Stocks with power plants

On October 3, the average stock of coal in power plants was for about four days. The Central Electricity Authority (CEA) website shows that of the 135 power stations, 17 plants, with a total capacity of 21,325 MW, have zero day stock; 20 (22,550 MW) have one day stock; 20 (29,960 MW) have two days stock and another 19 (22,000 MW) have three days stock left as on October 3. At the same time last year, only some 15 plants with total capacity of 18,192 MW were in critical/super-critical coal stock position (holding less than six days stock).

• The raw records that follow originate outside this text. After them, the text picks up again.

Lemma count_neq2 s x y : uniq s -> x \in s -> y \in s -> x != y ->
  count (fun z => (z != x) && (z != y)) s = (size s - 2)%N.
Proof.
move=> us xs ys xy.
have two : count [predU pred1 x & pred1 y] s = 2%N.
  have := count_predUI (pred1 x) (pred1 y) s; rewrite !count_uniq_mem // xs ys.
  rewrite (@eq_count _ [predI pred1 x & pred1 y] pred0) ?count_pred0 ?addn0 //.
  by move=> z; rewrite !inE; case: (eqVneq z x) => [->|//]; rewrite (negbTE xy).
have := count_predC [predU pred1 x & pred1 y] s; rewrite two.
rewrite (@eq_count _ _ (fun z => (z != x) && (z != y))); first by lia.
by move=> z /=; rewrite negb_or.
Qed.

Lemma count_guard1 s (b : bool) y : uniq s -> y \in s ->
  count (fun z => b && (z == y)) s = b.
Proof.
move=> us ys; case: b; last by elim: s {us ys}.
by have := count_uniq_mem y us; rewrite ys => <-; apply: eq_count.
Qed.

Lemma count_or1 p s y : uniq s -> y \in s -> ~~ p y ->
  count (fun x => p x || (x == y)) s = (count p s).+1.
Proof.
move=> us ys npy; have := count_predUI p (pred1 y) s.
rewrite (@eq_count _ [predI p & pred1 y] pred0) ?count_pred0 => [|x]; last first.
  by rewrite /= -!topredE /=; case: (eqVneq x y) => [->|]; rewrite ?(negbTE npy) ?andbF.
by rewrite count_uniq_mem // ys addn0 addn1.
Qed.

Lemma mem_size_gt0 s x : x \in s -> (0 < size s)%N.
Proof. by case: s. Qed.

Lemma count_le1 p s : uniq s -> {in s &, forall x y, p x -> p y -> x = y} ->
  (count p s <= 1)%N.
Proof.
move=> us p1; case hp: (has p s); last by rewrite has_count ltnNge in hp; lia.
have [x xs px] := hasP hp; rewrite -size_filter.
apply: (@uniq_leq_size _ _ [:: x]); first exact: filter_uniq.
by move=> y; rewrite mem_filter inE => /andP [py ys]; rewrite (p1 y x).
Qed.

End Counting.

Section Directions.
Variable R : realFieldType.
Implicit Types (u x y z a b : point R).

Definition height u z : R := u.1 * z.1 + u.2 * z.2.

Definition nonzero u : bool := (u.1 != 0) || (u.2 != 0).

Definition vec x y : point R := (y.1 - x.1, y.2 - x.2).

Lemma sqr_sum_gt0 (s t : R) : (s != 0) || (t != 0) -> 0 < s ^+ 2 + t ^+ 2.
Proof.
have hs := sqr_ge0 s; have ht := sqr_ge0 t.
by case/orP => h; [have := @exprn_even_gt0 _ 2 s isT | have := @exprn_even_gt0 _ 2 t isT];
  rewrite h => ?; lra.
Qed.

Lemma vec_nonzero x y : x != y -> nonzero (vec x y).
Proof.
case: x => x1 x2; case: y => y1 y2; rewrite /nonzero /= xpair_eqE !subr_eq0.
by rewrite negb_and eq_sym [y2 == _]eq_sym.
Qed.

Lemma orient_first x y : orient x y x = 0. Proof. rewrite /orient; ring. Qed.
Lemma orient_second x y : orient x y y = 0. Proof. rewrite /orient; ring. Qed.
Lemma orient_swap x y z : orient y x z = - orient x y z. Proof. rewrite /orient; ring. Qed.

(* When x and y have the same height in direction u, the line xy is orthogonal
   to u, so the orientation with respect to xy is a nonzero multiple of the
   height relative to x. *)
Lemma tie_orient u x y : nonzero u -> x != y -> height u y = height u x ->
  exists2 s : R, s != 0 & forall z, s * orient x y z = height u z - height u x.
Proof.
move=> hu xy tie.
set K := (y.1 - x.1) * u.2 - (y.2 - x.2) * u.1.
set W := (y.1 - x.1) ^+ 2 + (y.2 - x.2) ^+ 2.
have W0 : 0 < W by apply: sqr_sum_gt0; apply: vec_nonzero.
have U0 : 0 < u.1 ^+ 2 + u.2 ^+ 2 by apply: sqr_sum_gt0.
have K2 : K ^+ 2 = W * (u.1 ^+ 2 + u.2 ^+ 2).
  have : K ^+ 2 + (height u y - height u x) ^+ 2 = W * (u.1 ^+ 2 + u.2 ^+ 2).
    by rewrite /K /W /height; ring.
  by rewrite tie subrr expr0n addr0.
have K0 : K != 0.
  by apply/eqP => K0; move/eqP: K2; rewrite K0 expr0n /= eq_sym mulf_eq0 !gt_eqF.
exists (K / W); first by rewrite mulf_neq0 // invr_eq0 gt_eqF.
move=> z; have E : K * orient x y z = W * (height u z - height u x)
   - ((y.1 - x.1) * (z.1 - x.1) + (y.2 - x.2) * (z.2 - x.2)) * (height u y - height u x).
  by rewrite /K /W /orient /height; ring.
rewrite tie subrr mulr0 subr0 in E.
by rewrite mulrAC E mulrAC mulfV ?gt_eqF // mul1r.
Qed.

Lemma orient0_endpoint P a b z : general_position P ->
  a \in P -> b \in P -> z \in P -> a != b -> orient a b z = 0 -> (z == a) || (z == b).
Proof.
move=> gp aP bP zP ab o0; apply/negPn/negP; rewrite negb_or => /andP [za zb].
by move: (gp a b z aP bP zP ab); rewrite eq_sym za eq_sym zb o0 eqxx => /(_ isT isT).
Qed.

Lemma tie_unique P u x y z : general_position P -> nonzero u ->
  x \in P -> y \in P -> z \in P -> x != y -> z != x -> z != y ->
  height u y = height u x -> height u z != height u x.
Proof.
move=> gp hu xP yP zP xy zx zy tie; apply/eqP => zx'.
have [s s0 hs] := tie_orient hu xy tie.
have /eqP := hs z; rewrite zx' subrr mulf_eq0 (negbTE s0) /= => /eqP o0.
by have /orP[] := orient0_endpoint gp xP yP zP xy o0; apply/negP.
Qed.

Definition left_count Q a b : nat := count (fun z => 0 < orient a b z) Q.

Lemma right_countE Q a b : count (fun z => orient a b z < 0) Q = left_count Q b a.
Proof. by apply: eq_count => z; rewrite [orient b a z]orient_swap oppr_gt0. Qed.

Lemma count_sides Q a b : uniq Q -> general_position Q -> a \in Q -> b \in Q -> a != b ->
  (left_count Q a b + left_count Q b a = size Q - 2)%N.
Proof.
move=> uQ gp aQ bQ ab; rewrite -[left_count Q b a]right_countE /left_count.
rewrite -(count_neq2 uQ aQ bQ ab) [RHS](count_andC _ (fun z => 0 < orient a b z)).
congr (_ + _)%N; apply: eq_in_count => z zQ /=.
  case: (eqVneq z a) => [->|za]; first by rewrite orient_first ltxx.
  by case: (eqVneq z b) => [->|zb]; first by rewrite orient_second ltxx.
case: (eqVneq z a) => [->|za]; first by rewrite orient_first ltxx.
case: (eqVneq z b) => [->|zb]; first by rewrite orient_second ltxx.
have := gp a b z aQ bQ zQ ab; rewrite eq_sym za eq_sym zb => /(_ isT isT).
by case: (ltgtP (orient a b z) 0).
Qed.

Lemma general_position_sub (Q Q' : seq (point R)) : {subset Q' <= Q} -> general_position Q ->
  general_position Q'.
Proof. by move=> sub gp a b c /sub aQ /sub bQ /sub cQ; apply: gp. Qed.

End Directions.

Section Ranks.
Variable R : realFieldType.
Implicit Types (P : seq (point R)) (u x y z a b : point R).

Definition above P u x : nat := count (fun y => height u x < height u y) P.
Definition below P u x : nat := count (fun y => height u y < height u x) P.
(* Let $G=(V,E)$ be an undirected graph and $\mu$ an orientation of its edges. Let $\mathcal D$ be an AD paths decomposition of $(G,\mu)$ with degree at most 1. Coloring each path in $\mathcal D$ using two alternating colors yields an oriented degree-splitting $(E_1,E_2)$ of $(G,\mu)$ with discrepancy at most 1.
   Context: A path here is a trail $P=(v_0,e_1,v_1,\dots,e_k,v_k)$ (a walk with pairwise distinct edges, vertices may repeat; if $v_0=v_k$ it is called a cycle). $P$ is an alternating-directions (AD) path if for every $1\le i<k$, the edges $e_i,e_{i+1}$ are either both oriented (under $\mu$) towards $v_i$ or both oriented away from $v_i$. $v_0$ is an incoming endpoint of $P$ if $e_1$ is oriented towards $v_0$, and an outgoing endpoint otherwise; symmetrically $v_k$ is an incoming endpoint if $e_k$ is oriented towards $v_k$, and an outgoing endpoint otherwise. An AD paths decomposition of $(G,\mu)$ with degree at most $\kappa$ is a partition of $E$ into edge-disjoint AD paths such that each vertex is an incoming endpoint of at most $\kappa$ of these paths and an outgoing endpoint of at most $\kappa$ of these paths. Coloring a path with two alternating colors means consecutive edges $e_i,e_{i+1}$ of the path receive opposite colors (one of two colors). An oriented degree-splitting with discrepancy $\kappa$ is a partition $(E_1,E_2)$ of $E$ such that for every vertex $v$, the numbers of incoming edges at $v$ in $E_1$ and in $E_2$ differ by at most $\kappa$, and the numbers of outgoing edges at $v$ in $E_1$ and in $E_2$ differ by at most $\kappa$. *)

From mathcomp Require Import all_boot all_order all_algebra.
Set Implicit Arguments. Unset Strict Implicit. Unset Printing Implicit Defensive.

(* A finite undirected graph G = (V, E) together with an orientation mu is
   given by a finite vertex type V, a finite edge type E, and for each edge
   its tail and head under mu: the undirected edge e is {tail e, head e}
   and mu orients it tail e -> head e.  "e is oriented towards v" means
   head e == v. *)

Section ADPaths.
Variables (V E : finType) (tail head : E -> V).

Definition simple_graph : Prop :=
  (forall e, tail e != head e) /\
  injective (fun e => [set tail e; head e]).

Definition joins (e : E) (u v : V) : bool :=
  ((tail e == u) && (head e == v)) || ((tail e == v) && (head e == u)).

(* A path P = (v_0, e_1, v_1, ..., e_k, v_k) is represented as the pair
   (v_0, [:: (e_1, v_1); ...; (e_k, v_k)]). *)
Definition gpath := (V * seq (E * V))%type.

Definition pstart (P : gpath) : V := P.1.
Definition pedges (P : gpath) : seq E := map fst P.2.
Definition pverts (P : gpath) : seq V := P.1 :: map snd P.2.
Definition plen (P : gpath) : nat := size P.2.

(* P is a trail (a walk with pairwise distinct edges, k >= 1) which is an
   alternating-directions path: for every 1 <= i < k, e_i and e_{i+1} are
   both oriented towards v_i or both away from v_i.  (Indices below are
   0-based: edge e_{i+1} is nth _ (pedges P) i, vertex v_i is
   nth _ (pverts P) i.) *)
Definition is_AD_path (P : gpath) : bool :=
  match P.2 with
  | [::] => false
  | (e1, _) :: _ =>
    let es := pedges P in
    let vs := pverts P in
    let v0 := pstart P in
    [&& uniq es,
        all (fun i => joins (nth e1 es i) (nth v0 vs i) (nth v0 vs i.+1))
            (iota 0 (plen P)) &
        all (fun i => (head (nth e1 es i) == nth v0 vs i.+1)
                      == (head (nth e1 es i.+1) == nth v0 vs i.+1))
            (iota 0 (plen P).-1)]
  end.

Definition incoming_endpoint (v : V) (P : gpath) : bool :=
  match P.2 with
  | [::] => false
  | (e1, _) :: _ =>
    let v0 := pstart P in
    let vk := last v0 (map snd P.2) in
    let ek := last e1 (pedges P) in
    ((v0 == v) && (head e1 == v0)) || ((vk == v) && (head ek == vk))
  end.

Definition outgoing_endpoint (v : V) (P : gpath) : bool :=
  match P.2 with
  | [::] => false
  | (e1, _) :: _ =>
    let v0 := pstart P in
    let vk := last v0 (map snd P.2) in
    let ek := last e1 (pedges P) in
    ((v0 == v) && (head e1 != v0)) || ((vk == v) && (head ek != vk))
  end.

Definition AD_decomposition (D : seq gpath) (kappa : nat) : Prop :=
  [/\ all is_AD_path D,
      forall e : E, count (fun P => e \in pedges P) D = 1 &
      (forall v : V, count (incoming_endpoint v) D <= kappa /\
                     count (outgoing_endpoint v) D <= kappa)].

Definition alternating_coloring (D : seq gpath) (col : E -> bool) : Prop :=
  forall P, P \in D ->
    forall i, i.+1 < plen P ->
      forall e0 : E,
        col (nth e0 (pedges P) i) != col (nth e0 (pedges P) i.+1).

Definition oriented_degree_splitting (E1 E2 : {set E}) (kappa : nat) : Prop :=
  [/\ E1 :&: E2 = set0, E1 :|: E2 = [set: E] &
      (forall v : V,
        (absz (#|[set e in E1 | head e == v]|%:Z
               - #|[set e in E2 | head e == v]|%:Z)%R <= kappa)%N /\
        (absz (#|[set e in E1 | tail e == v]|%:Z
               - #|[set e in E2 | tail e == v]|%:Z)%R <= kappa)%N)].
End ADPaths.

From mathcomp Require Import all_boot all_order all_algebra.
Set Implicit Arguments. Unset Strict Implicit. Unset Printing Implicit Defensive.
Import Order.TTheory GRing.Theory Num.Theory.

(* Give each edge the sign +1 or -1 according to its colour.  At a vertex v,
   the difference between the numbers of edges of E1 and of E2 entering v is
   the signed sum of the edges entering v, and it splits along the paths of
   the decomposition.  When an AD path passes through v, its two consecutive
   edges there are both oriented towards v or both away from v, and they have
   opposite colours, so they cancel: only the end edges of the path that
   enter v at an endpoint survive.  The colours of the two end edges agree
   iff both point forward along the path or both backward, so a path
   entering v at both of its ends contributes 0.  Hence each path
   contributes at most 1 in absolute value, and only if v is one of its
   incoming endpoints, of which there is at most one.  Reversing the
   orientation exchanges incoming and outgoing endpoints and gives the bound
   for outgoing edges. *)

Section AlternatingWalks.
Variables (V E : finType) (tail head : E -> V) (col : E -> bool).
Hypothesis loopless : forall e, tail e != head e.

Lemma joins_reverse e u w : joins head tail e u w = joins tail head e u w.
Proof. by rewrite /joins orbC andbC [X in _ || X]andbC. Qed.

Lemma joinsC e u w : joins tail head e u w = joins tail head e w u.
Proof. by rewrite /joins orbC. Qed.

Lemma head_joins e u w : joins tail head e u w -> (head e == u) = (head e != w).
Proof.
case/orP=> /andP[/eqP Ht /eqP Hh]; subst u w; have := loopless e; rewrite eqxx //=.
  by rewrite eq_sym => /negPf ->.
by rewrite eq_sym => ->.
Qed.

Lemma tail_joins_l e u w : joins tail head e u w -> (tail e == u) = (head e != u).
Proof.
case/orP=> /andP[/eqP Ht /eqP Hh]; subst u w; have := loopless e; rewrite eqxx //=.
  by rewrite eq_sym => ->.
by move/negPf.
Qed.

Lemma tail_joins_r e u w : joins tail head e u w -> (tail e == w) = (head e != w).
Proof. by rewrite joinsC; apply: tail_joins_l. Qed.

Fixpoint alt_AD_walk (v0 : V) (ps : seq (E * V)) : bool :=
  match ps with
  | [::] => false
  | (e1, v1) :: ps' => joins tail head e1 v0 v1 &&
      match ps' with
      | [::] => true
      | (e2, _) :: _ =>
        [&& (head e1 == v1) == (head e2 == v1), col e1 != col e2
          & alt_AD_walk v1 ps']
      end
  end.

Lemma alt_AD_walk_of_nth (x0 : E) (y0 : V) v0 ps :
  ps != [::] ->
  (forall i, i < size ps -> joins tail head (nth x0 (map fst ps) i)
     (nth y0 (v0 :: map snd ps) i) (nth y0 (v0 :: map snd ps) i.+1)) ->
  (forall i, i.+1 < size ps ->
     (head (nth x0 (map fst ps) i) == nth y0 (v0 :: map snd ps) i.+1)
     == (head (nth x0 (map fst ps) i.+1) == nth y0 (v0 :: map snd ps) i.+1)) ->
  (forall i, i.+1 < size ps ->
     col (nth x0 (map fst ps) i) != col (nth x0 (map fst ps) i.+1)) ->
  alt_AD_walk v0 ps.
Proof.
elim: ps v0 => [|[e1 v1] ps IH] v0 //= _ Hjoin Had Hcol.
rewrite (Hjoin 0) //.
case: ps IH Hjoin Had Hcol => [|[e2 v2] ps] IH Hjoin Had Hcol //.
by rewrite (Had 0) ?(Hcol 0) ?IH // => i Hi;
  [apply: (Hjoin i.+1) | apply: (Had i.+1) | apply: (Hcol i.+1)].
Qed.

Local Open Scope ring_scope.

Definition sgn (e : E) : int := if col e then 1 else -1.

Definition in_imbalance (v : V) : int := \sum_(e | head e == v) sgn e.

Definition endpoint_term (v x : V) (e : E) : int :=
  if (x == v) && (head e == x) then sgn e else 0.

Lemma alt_AD_walk_in_imbalance v v0 e1 v1 ps :
  alt_AD_walk v0 ((e1, v1) :: ps) ->
  \sum_(e <- e1 :: map fst ps | head e == v) sgn e =
  endpoint_term v v0 e1
    + endpoint_term v (last v1 (map snd ps)) (last e1 (map fst ps)).
Proof.
rewrite /endpoint_term; elim: ps v0 e1 v1 => [|[e2 v2] ps IH] v0 e1 v1 /=.
  rewrite andbT big_cons big_nil => /head_joins.
  have [-> /esym/negPf ne1|_ /esym/negbFE h1] := eqVneq (head e1) v0.
    by rewrite ne1 andbF andbT !addr0.
  by rewrite andbF h1 andbT -(eqP h1) add0r addr0.
case/andP=> J1 /and3P[Had Hcol W2].
rewrite big_mkcond big_cons -big_mkcond /= (IH _ _ _ W2) addrA; congr (_ + _).
have sgn2 : sgn e2 = - sgn e1.
  by move: Hcol; rewrite /sgn; case: (col e1); case: (col e2).
rewrite sgn2 -(eqP Had); move: (head_joins J1).
have [-> /esym/negPf ne1|_ /esym/negbFE h1] := eqVneq (head e1) v0.
  by rewrite ne1 andbF andbT !addr0.
by rewrite andbF h1 andbT -(eqP h1); case: ifP; rewrite ?subrr ?addr0.
Qed.

Lemma alt_AD_walk_end_colors v0 e1 v1 ps :
  alt_AD_walk v0 ((e1, v1) :: ps) ->
  (col e1 == col (last e1 (map fst ps))) =
  ((head e1 == v1) == (head (last e1 (map fst ps)) == last v1 (map snd ps))).
Proof.
elim: ps v0 e1 v1 => [|[e2 v2] ps IH] v0 e1 v1 /=; first by rewrite !eqxx.
case/andP=> _ /and3P[Had Hcol W2]; move: (IH _ _ _ W2) Hcol; rewrite (eqP Had).
case/andP: W2 => /head_joins -> _.
by case: (col e1); case: (col e2); case: (head e2 == v2); case: (col (last _ _));
  case: (_ == last _ _).
Qed.

Lemma alt_AD_walk_last_joins v0 e1 v1 ps :
  alt_AD_walk v0 ((e1, v1) :: ps) ->
  exists u, joins tail head (last e1 (map fst ps)) u (last v1 (map snd ps)).
Proof.
elim: ps v0 e1 v1 => [|[e2 v2] ps IH] v0 e1 v1 /=; first by rewrite andbT; exists v0.
by case/andP=> _ /and3P[_ _ /IH].
Qed.

Lemma normr_sgn e : `|sgn e| = 1.
Proof. by rewrite /sgn; case: (col e). Qed.

Lemma alt_AD_walk_in_imbalance_bound v (P : gpath V E) :
  alt_AD_walk P.1 P.2 ->
  `|\sum_(e <- pedges P | head e == v) sgn e| <= (incoming_endpoint head v P)%:R.
Proof.
case: P => v0 [|[e1 v1] ps] //= W; have /andP[J1 _] := W.
have colors := alt_AD_walk_end_colors W.
rewrite /pedges /= (alt_AD_walk_in_imbalance v W) /incoming_endpoint /endpoint_term /=.
set ek := last e1 _; set vk := last v1 _.
case: ifP => [/andP[_ in0]|_]; case: ifP => [/andP[_ ink]|_] /=.
- (* v is the incoming start and the incoming end of P: the end edges cancel *)
  move: colors; rewrite ink -[head e1 == v1]negbK -(head_joins J1) in0 /=.
  by rewrite /sgn; case: (col e1); case: (col ek).
- by rewrite addr0 normr_sgn.
- by rewrite add0r normr_sgn.
- by rewrite addr0 normr0.
Qed.

Lemma outgoing_endpoint_reverse v (P : gpath V E) :
  alt_AD_walk P.1 P.2 -> outgoing_endpoint head v P = incoming_endpoint tail v P.
Proof.
case: P => v0 [|[e1 v1] ps] //= W; have /andP[J1 _] := W.
have [u Jk] := alt_AD_walk_last_joins W.
by rewrite /outgoing_endpoint /incoming_endpoint /= (tail_joins_l J1) (tail_joins_r Jk).
Qed.

Lemma AD_path_uniq (P : gpath V E) : is_AD_path tail head P -> uniq (pedges P).
Proof. by case: P => v0 [|[e1 v1] ps] // /and3P[]. Qed.

Lemma alt_AD_walk_of_AD_path (P : gpath V E) :
  is_AD_path tail head P ->
  (forall i, (i.+1 < plen P)%N -> forall e0,
     col (nth e0 (pedges P) i) != col (nth e0 (pedges P) i.+1)) ->
  alt_AD_walk P.1 P.2.
Proof.
case: P => v0 [|[e1 v1] ps] // /and3P[_ /allP Hjoin /allP Had] Hcol.
apply: (alt_AD_walk_of_nth (x0 := e1) (y0 := v0)) => // i Hi;
  [apply: Hjoin | apply: Had | apply: Hcol] => //; by rewrite mem_iota.
Qed.

Lemma in_imbalance_decomposition v (D : seq (gpath V E)) :
  (forall P, P \in D -> uniq (pedges P)) ->
  (forall e, count (fun P => e \in pedges P) D = 1%N) ->
  in_imbalance v = \sum_(P <- D) \sum_(e <- pedges P | head e == v) sgn e.
Proof.
move=> uniqD partD; rewrite /in_imbalance big_mkcond.
transitivity (\sum_(P <- D) \sum_(e : E)
   if e \in pedges P then (if head e == v then sgn e else 0) else 0).
  rewrite exchange_big; apply: eq_bigr => e _.
  by rewrite -big_mkcond big_const_seq partD /= addr0.
apply: eq_big_seq => P /uniqD uniqP.
by rewrite -big_mkcond -big_uniq // -big_mkcond.
Qed.

Lemma in_imbalance_bound v (D : seq (gpath V E)) :
  (forall P, P \in D -> alt_AD_walk P.1 P.2) ->
  (forall P, P \in D -> uniq (pedges P)) ->
  (forall e, count (fun P => e \in pedges P) D = 1%N) ->
  `|in_imbalance v| <= (count (incoming_endpoint head v) D)%:R.
Proof.
move=> walkD uniqD partD; rewrite (in_imbalance_decomposition v uniqD partD).
apply: le_trans (ler_norm_sum _ _ _) _.
rewrite -sum1_count natr_sum [leRHS]big_mkcond big_seq [leRHS]big_seq.
apply: ler_sum => P /walkD W.
by apply: le_trans (alt_AD_walk_in_imbalance_bound v W) _; case: ifP.
Qed.

Lemma in_imbalance_card v :
  #|[set e in [set e | col e] | head e == v]|%:Z
    - #|[set e in [set e | ~~ col e] | head e == v]|%:Z = in_imbalance v.
Proof.
rewrite -!natz -!sumr_const !(big_mkcond (fun e => e \in _)) -sumrB.
rewrite /in_imbalance [RHS]big_mkcond; apply: eq_bigr => e _; rewrite !inE /sgn.
by case: (col e); case: (head e == v).
Qed.

End AlternatingWalks.

Lemma alt_AD_walk_reverse (V E : finType) (tail head : E -> V) (col : E -> bool) :
  (forall e, tail e != head e) ->
  forall v0 ps, alt_AD_walk tail head col v0 ps -> alt_AD_walk head tail col v0 ps.
Proof.
move=> loopless v0 ps; elim: ps v0 => [|[e1 v1] ps IH] v0 //=.
case/andP=> J1 W1; rewrite joins_reverse J1 /=.
case: ps IH W1 => [|[e2 v2] ps] IH // /and3P[Had Hcol W2]; rewrite Hcol IH //.
have /andP[J2 _] := W2.
by rewrite (tail_joins_r loopless J1) (tail_joins_l loopless J2) (eqP Had) eqxx.
Qed.

Theorem theorem4p5 (V E : finType) (tail head : E -> V)
    (D : seq (gpath V E)) (col : E -> bool) :
  simple_graph tail head ->
  AD_decomposition tail head D 1 ->
  alternating_coloring D col ->
  oriented_degree_splitting tail head [set e | col e] [set e | ~~ col e] 1.
Proof.
(* only the absence of loops is needed, not the absence of parallel edges *)
move=> [loopless _] [/allP ADD partD degD] colD.
have loopless' e : head e != tail e by rewrite eq_sym.
have walkD P : P \in D -> alt_AD_walk tail head col P.1 P.2.
  by move=> HP; apply: alt_AD_walk_of_AD_path (ADD P HP) (colD P HP).
have walkD' P : P \in D -> alt_AD_walk head tail col P.1 P.2.
  by move/walkD; apply: alt_AD_walk_reverse.
have uniqD P : P \in D -> uniq (pedges P) by move/ADD/AD_path_uniq.
split; first (by apply/setP => e; rewrite !inE andbN);
  first (by apply/setP => e; rewrite !inE orbN).
move=> v; have [inD outD] := degD v; split; rewrite -lez_nat abszE in_imbalance_card.
- apply: le_trans (in_imbalance_bound loopless v walkD uniqD partD) _.
  by rewrite natz lez_nat.
- apply: le_trans (in_imbalance_bound loopless' v walkD' uniqD partD) _.
  rewrite natz lez_nat -(eq_in_count (a1 := outgoing_endpoint head v)) // => P /walkD.
  exact: outgoing_endpoint_reverse.
Qed.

The demand for power has been increasing from August, when the electricity consumption was 124 Billion Unit (BU) against August 2019’s 106 BU (before the Covid). This is an increase of almost 20 per cent, according to the government.

Avoidable crisis

To manage coal stocks and ensure equitable distribution, the Power Ministry has constituted a Core Management Team, which is closely monitoring and managing the fuel on daily basis and ensuring follow-up action with Coal India and the Railways to improve supplies to power plants.

According to industry sources, the crisis could have been averted. A number of plants did not build up coal stocks before the monsoon. The non-payments of coal dues by States such as Maharashtra, Rajasthan, Tamil Nadu, Uttar Pradesh and Madhya Pradesh also resulted in inadequate supplies.

Coal India claims that it has ramped up supplies to thermal power plants by nearly 12 per cent annually. The state-owned miner had been requesting Gencos from October 2020 to shore up stocks, instead of regulating intake. Maintaining the CEA-prescribed 22-day normative stock rule could have averted the situation, too.

According to Ashok Kumar Khurana, Director-General, Association of Power Producers, advance preparation and ensuring sufficient stocks ahead of monsoons is a “well known strategy. The situation that we are witnessing August onwards raises obvious questions. If you see, thermal plants in previous months had not done very high level of generation and PLF. When needed there is a let down by fuel supplier necessitating costly imports.”